Informatics Europe
- The Voice of Informatics Research and Education in Europe
- Formation: 2006
- Type: Learned Society - Nonprofit organization
- Headquarters: Zurich, Switzerland
- Membership: Around 200 institutions (over 30 countries)
- Official language: English
- Website: http://www.informatics-europe.org

= Informatics Europe =

Informatics Europe is the European association uniting university departments, research labs and companies in the field of informatics (also known as computer science).

==Overview==
Founded in 2006, Informatics Europe is a non-profit organization with head office in Zurich, Switzerland. They represent the Research and Education community in Europe, uniting some 200 member institutions and connecting over 50,000 researchers in informatics and related disciplines from more than 30 countries.

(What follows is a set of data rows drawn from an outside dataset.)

(* p^{(g)}_n: number of patterns on the n-semiball at g accepted by some t in X.
   A pattern on the semiball D is encoded by its values on the enumeration of D. *)
Definition pcount (X : set config) (g : Gelt) (n : nat) : nat :=
  let D := semiball g n in
  #|[set u : {ffun 'I_(size D) -> A} |
      `[< exists t, X t /\ exists g' : Gelt,
            forall i : 'I_(size D), t (gmul g' (nth g D i)) = u i >]]|.

Definition pratio (R : realType) (X : set config) (i : 'I_k) (n : nat) : R :=
  (ln (pcount X (gen i) n)%:R / (size (semiball (gen i) n))%:R)%R.

End Semigroup.

From HB Require Import structures.
From mathcomp Require Import all_boot all_order all_algebra.
From mathcomp Require Import boolp classical_sets reals exp topology normedtype sequences.
From mathcomp Require Import zify lra.
Import Order.TTheory GRing.Theory Num.Theory.
Import numFieldNormedType.Exports.
Set Implicit Arguments.
Unset Strict Implicit.
Unset Printing Implicit Defensive.

(* Write s_j(n) for the size of the n-semiball at s_j and L_j(n) for log p^{(s_j)}_n.
   A word of the (n+M+1)-semiball at s_j either lies in the n-semiball or is a word of
   length n+1 followed by a word of the M-semiball at its last letter b, and a pattern
   is determined by its restrictions to these pieces; hence
     s_j(n+M+1) = s_j(n) + sum_b s_b(M)  and  L_j(n+M+1) <= L_j(n) + sum_b L_b(M),
   the sums running over the letters at depth n+1 below s_j.  Iterating these gives
   max_j L_j(N)/s_j(N) <= max_j L_j(M)/s_j(M) + O(1/N), so the maximal ratio converges
   to its infimum.  Primitivity of K puts every letter at some fixed depth m+1 below
   every letter; this makes all the s_i(n) comparable and bounds the gap between each
   ratio L_i(n)/s_i(n) and the maximal one by O(1/n) plus a multiple of the
   oscillation of the maximal ratio between n and n+m+1. *)

Section ReducedWords.
Variables (k : nat) (K : 'I_k -> 'I_k -> bool).

Lemma adm_cons2 a b w : adm K [:: a, b & w] = K a b && adm K (b :: w).
Proof. by []. Qed.

Lemma adm_behead w : adm K w -> adm K (behead w).
Proof. by case: w => [|a [|b w]] //; rewrite adm_cons2 => /andP[]. Qed.

Lemma push_rcons w s : adm K (rcons w s) -> push K w s = rcons w s.
Proof.
case/lastP: w => [|w a] //; rewrite /push rev_rcons.
case: w => [|b w] /=; first by case/andP => ->.
by rewrite !rcons_path last_rcons => /andP[_ ->].
Qed.

Lemma foldl_push_adm w v : adm K (w ++ v) -> foldl (push K) w v = w ++ v.
Proof.
elim: v w => [|s v IH] w /=; first by rewrite cats0.
rewrite -cat_rcons => wsv; rewrite push_rcons ?IH //.
by case: (rcons w s) wsv => // a u; rewrite /adm /= cat_path => /andP[].
Qed.

Lemma red_id w : adm K w -> red K w = w.
Proof. exact: (@foldl_push_adm [::]). Qed.

Lemma red_cat u v : red K (u ++ v) = foldl (push K) (red K u) v.
Proof. exact: foldl_cat. Qed.

Lemma red_cons j w : adm K w ->
  red K (j :: w) = if adm K (j :: w) then j :: w else behead w.
Proof.
case: w => [|b w] // adm_bw; rewrite /red /= {2}/push /=.
have -> : path (fun a b => K a b) b w = true := adm_bw.
rewrite andbT; case: ifP => Kjb; last exact: red_id (adm_behead adm_bw).
by rewrite foldl_push_adm // adm_cons2 Kjb.
Qed.

Definition gmulw (g : Gelt K) (w : seq 'I_k) : Gelt K :=
  exist (fun w => adm K w) (red K (val g ++ w)) (adm_red K _).

Lemma gmul_cat g x y w : val x = w ++ val y -> gmul g x = gmul (gmulw g w) y.
Proof.
move=> xE; apply: val_inj => /=.
by rewrite xE catA [in RHS]red_cat (red_id (adm_red _ _)) -red_cat.
Qed.

End ReducedWords.

Section Layers.
Variables (k : nat) (K : 'I_k -> 'I_k -> bool).

Fixpoint layer (n : nat) (j : 'I_k) : seq (seq 'I_k) :=
  if n is n'.+1 then [seq b :: h | b <- [seq b <- enum 'I_k | K j b], h <- layer n' b]
  else [:: [::]].

Lemma mem_layer n j h : (h \in layer n j) = (size h == n) && adm K (j :: h).
Proof.
elim: n j h => [|n IH] j [|b h] //.
  by apply/allpairsPdep => -[? [? [_ _ //]]].
rewrite [size _]/= eqSS adm_cons2 andbCA -IH; apply/allpairsPdep/andP.
  by case=> b' [h' [+ + [-> ->]]]; rewrite mem_filter => /andP[].
by case=> Kjb hl; exists b, h; rewrite mem_filter Kjb mem_enum.
Qed.

Lemma layer_uniq n j : uniq (layer n j).
Proof.
elim: n j => [|n IH] j //=; apply: allpairs_uniq_dep => //.
  exact/filter_uniq/enum_uniq.
by move=> [b h] [b' h'] _ _ /= [-> ->].
Qed.

Lemma size_layer_add n d j :
  size (layer (n + d) j) = \sum_(w <- layer n j) size (layer d (last j w)).
Proof.
elim: n j => [|n IH] j; first by rewrite big_seq1.
rewrite addSn /= size_allpairs_dep big_allpairs_dep sumnE big_map.
by apply: eq_bigr => b _; rewrite IH.
Qed.

Definition front (j : 'I_k) (n : nat) : seq 'I_k := [seq last j w | w <- layer n.+1 j].

Lemma iter_Kmx_gt0_layer m i j : (0 < (iter m (mulmx (Kmx K)) 1%:M) i j)%R ->
  exists2 w, w \in layer m i & last i w = j.
Proof.
elim: m i => [|m IH] i.
  by rewrite /= mxE; case: eqP => [<-|] //= _; exists [::].
rewrite iterS mxE => sum_gt0.
have /existsP[l] : [exists l, 0 < Kmx K i l * iter m (mulmx (Kmx K)) 1%:M l j]%R.
  apply: contraTT sum_gt0 => /existsPn term_le0.
  by rewrite -leNgt sumr_le0 // => l _; rewrite leNgt term_le0.
rewrite mxE; case Kil: (K i l); rewrite ?mul0r ?ltxx // mul1r => /IH[w wl wj].
by exists (l :: w); rewrite // mem_layer adm_cons2 Kil [size _]/= eqSS -mem_layer.
Qed.

Lemma primitive_front : primitive K -> exists m, forall j c, c \in front j m.
Proof.
case=> m [m_gt0 Kpos]; exists m.-1 => j c.
have [w wl <-] := iter_Kmx_gt0_layer (Kpos j c).
by apply: map_f; rewrite prednK.
Qed.

Lemma front_succ j n c : c \in front j n -> exists b, K j b.
Proof.
case/mapP=> -[|b w]; rewrite mem_layer // adm_cons2 => /andP[_ /andP[Kjb _]] _.
by exists b.
Qed.

End Layers.

Section Semiballs.
Variables (k : nat) (K : 'I_k -> 'I_k -> bool).

Lemma mem_words m w : (w \in words k m) = (size w == m).
Proof.
apply/mapP/eqP => [[t _ ->]|wm]; first exact: size_tuple.
by exists (Tuple (introT eqP wm)); rewrite ?mem_enum.
Qed.

Lemma mem_ballG n h : (h \in ballG K n) = (size (val h) <= n).
Proof.
rewrite mem_pmap_sub; apply/flatten_mapP/idP => [[m]|hn].
  by rewrite mem_iota ltnS mem_words => mn /eqP ->.
by exists (size (val h)); rewrite ?mem_iota ?ltnS ?mem_words.
Qed.

Lemma mem_semiball j n d :
  (d \in semiball (gen K j) n) = (ohead (val d) == Some j) && (size (val d) <= n.+1).
Proof.
rewrite mem_undup; apply/mapP/andP.
  case=> h; rewrite mem_filter mem_ballG => /andP[+ hn] ->.
  rewrite /glen /= red_cons ?(valP h) //; case: ifP => _ /=; first by rewrite eqxx ltnS.
  by rewrite size_behead => /eqP; lia.
case: d => -[|a w] adm_aw [/eqP ohead_d wn] //; case: ohead_d => <-.
have adm_w := adm_behead adm_aw.
have gmulE : gmul (gen K a) (exist _ w adm_w) = exist _ (a :: w) adm_aw.
  by apply: val_inj; rewrite /= red_cons // adm_aw.
exists (exist _ w adm_w); last by rewrite gmulE.
by rewrite mem_filter mem_ballG gmulE /glen /= eqxx.
Qed.

Lemma semiball_words j n : perm_eq (map val (semiball (gen K j) n))
  [seq j :: h | m <- iota 0 n.+1, h <- layer K m j].
Proof.
apply: uniq_perm.
- by rewrite (map_inj_uniq val_inj) undup_uniq.
- apply: allpairs_uniq_dep => [|m _|]; [exact: iota_uniq | exact: layer_uniq |].
  move=> _ _ /allpairsPdep[m [h [_ + ->]]] /allpairsPdep[m' [h' [_ + ->]]] /=.
  by rewrite !mem_layer => /andP[/eqP <- _] /andP[/eqP <- _] [->].
move=> w; apply/mapP/allpairsPdep => [[d + ->]|[m [h [+ + ->]]]].
  rewrite mem_semiball; case: d => -[|a h] // adm_ah /andP[/eqP[aj] hn].
  by exists (size h), h; rewrite mem_iota mem_layer eqxx -aj adm_ah add0n.
rewrite mem_iota ltnS mem_layer => mn /andP[/eqP hm adm_jh].
by exists (exist (adm K) _ adm_jh); rewrite // mem_semiball /= eqxx ltnS hm.
Qed.

Lemma size_semiball j n :
  size (semiball (gen K j) n) = \sum_(m < n.+1) size (layer K m j).
Proof.
rewrite -(size_map val) (perm_size (semiball_words j n)) size_allpairs_dep.
rewrite sumnE big_map -(big_mkord xpredT (fun m => size (layer K m j))).
by rewrite /index_iota subn0.
Qed.

Lemma size_semiball_add j n M : size (semiball (gen K j) (n + M).+1) =
  size (semiball (gen K j) n) + \sum_(b <- front K j n) size (semiball (gen K b) M).
Proof.
rewrite !size_semiball; have -> : (n + M).+2 = n.+1 + M.+1 by rewrite addSn addnS.
rewrite big_split_ord /= big_map; congr addn.
under eq_bigr => i _ do rewrite (size_layer_add K n.+1 i j).
rewrite exchange_big /=.
by apply: eq_bigr => w _; rewrite size_semiball.
Qed.

Lemma semiball_cover j n M d : d \in semiball (gen K j) (n + M).+1 ->
  d \in semiball (gen K j) n \/
  exists2 w, w \in layer K n.+1 j &
    exists2 e, e \in semiball (gen K (last j w)) M & val d = belast j w ++ val e.
Proof.
rewrite !mem_semiball; case: d => -[|a h] adm_jh; first by case/andP.
case/andP => /eqP[aj] hnM; subst a; rewrite /= ltnS in hnM.
have [hn|nh] := leqP (size h) n; [left | right]; first by rewrite eqxx ltnS.
pose w := take n.+1 h; pose r := drop n.+1 h.
have /andP[adm_w adm_r] :
    path (fun a b => K a b) j w && path (fun a b => K a b) (last j w) r.
  by rewrite -cat_path cat_take_drop.
exists w; first by rewrite mem_layer size_takel // eqxx.
exists (exist (adm K) (last j w :: r) adm_r).
  by rewrite mem_semiball /= eqxx ltnS size_drop; lia.
by rewrite /= -cat_rcons -lastI cat_cons cat_take_drop.
Qed.

Section Successors.
Hypothesis succ : forall a, exists b, K a b.

Lemma size_layer_gt0 n j : 0 < size (layer K n j).
Proof.
elim: n j => [|n IH] j //; have [b Kjb] := succ j.
have /hasP[h hl _] : has predT (layer K n b) by rewrite has_predT.
rewrite -has_predT; apply/hasP; exists (b :: h) => //.
by move: hl; rewrite !mem_layer adm_cons2 Kjb [size _]/= eqSS.
Qed.

Lemma size_semiball_ge j n : n.+1 <= size (semiball (gen K j) n).
Proof.
rewrite size_semiball -[X in X <= _]card_ord -sum1_card.
by apply: leq_sum => m _; apply: size_layer_gt0.
Qed.

End Successors.

End Semiballs.

Section Patterns.
Variables (k : nat) (K : 'I_k -> 'I_k -> bool) (A : finType) (X : set (config K A)).

Definition window (D : seq (Gelt K)) (t : config K A) (g : Gelt K) :
    {ffun 'I_(size D) -> A} :=
  [ffun i => t (gmul g (tnth (in_tuple D) i))].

Informatics Europe members include university departments of Informatics (Computer Science, Computing, IT, ICT), public and private research labs as well as national informatics associations.

Informatics Europe liaises with other scientific organisations such as the European Research Consortium for Informatics and Mathematics (ERCIM), the Association for Computing Machinery (ACM) and the Computing Research Association (CRA).

== History ==
On 21 October 2005, the “1st European Computer Science Summit” brought together, for the first time, heads of Informatics and Computer Science departments throughout Europe. This landmark event was a joint undertaking of the Computer Science departments of the two branches of the Swiss Federal Institute of Technology: EPFL (Lausanne) and ETH (Zurich).

Besides the keynotes, talks, panels and workshops, the result of the summit was the unanimous view that European computer scientists needed an organisation with aims and scope similar to those of the CRA in the US, extended—in light of the situation in Europe—to cover education as well as research. As a result, Informatics Europe was created with the aim to become the recognized voice of the European computer science community, including both universities and research centres.

Bertrand Meyer from ETH Zurich, one of the founding members of the organisation, served as its first President from 2006 to 2011. Other former Presidents include Carlo Ghezzi, Politecnico di Milano (from 2012 to 2015), Lynda Hardman, CWI / Utrecht University (from 2016 to 2017), Enrico Nardelli, Università di Roma 'Tor Vergata', (from 2018 to 2023). The current President is Jean-Marc Jézéquel, IRISA/ University of Rennes, who took office since January 2024.

== Mission and Activities ==
Informatics Europe mission is to empower and unite the European informatics community, find concerted positions, act on shared priorities, and support policy-making in Education, Research, and the Social Impact of informatics in Europe. They do so by addressing strategic matters and emerging trends in informatics and related fields, fostering unity in the variety of their member institutions, and promoting pan-European collaboration.

Informatics Europe is involved in a number of activities and services. While some are exclusive to members (and researchers affiliated with those institutes), others are open to the broader informatics and related disciplines community.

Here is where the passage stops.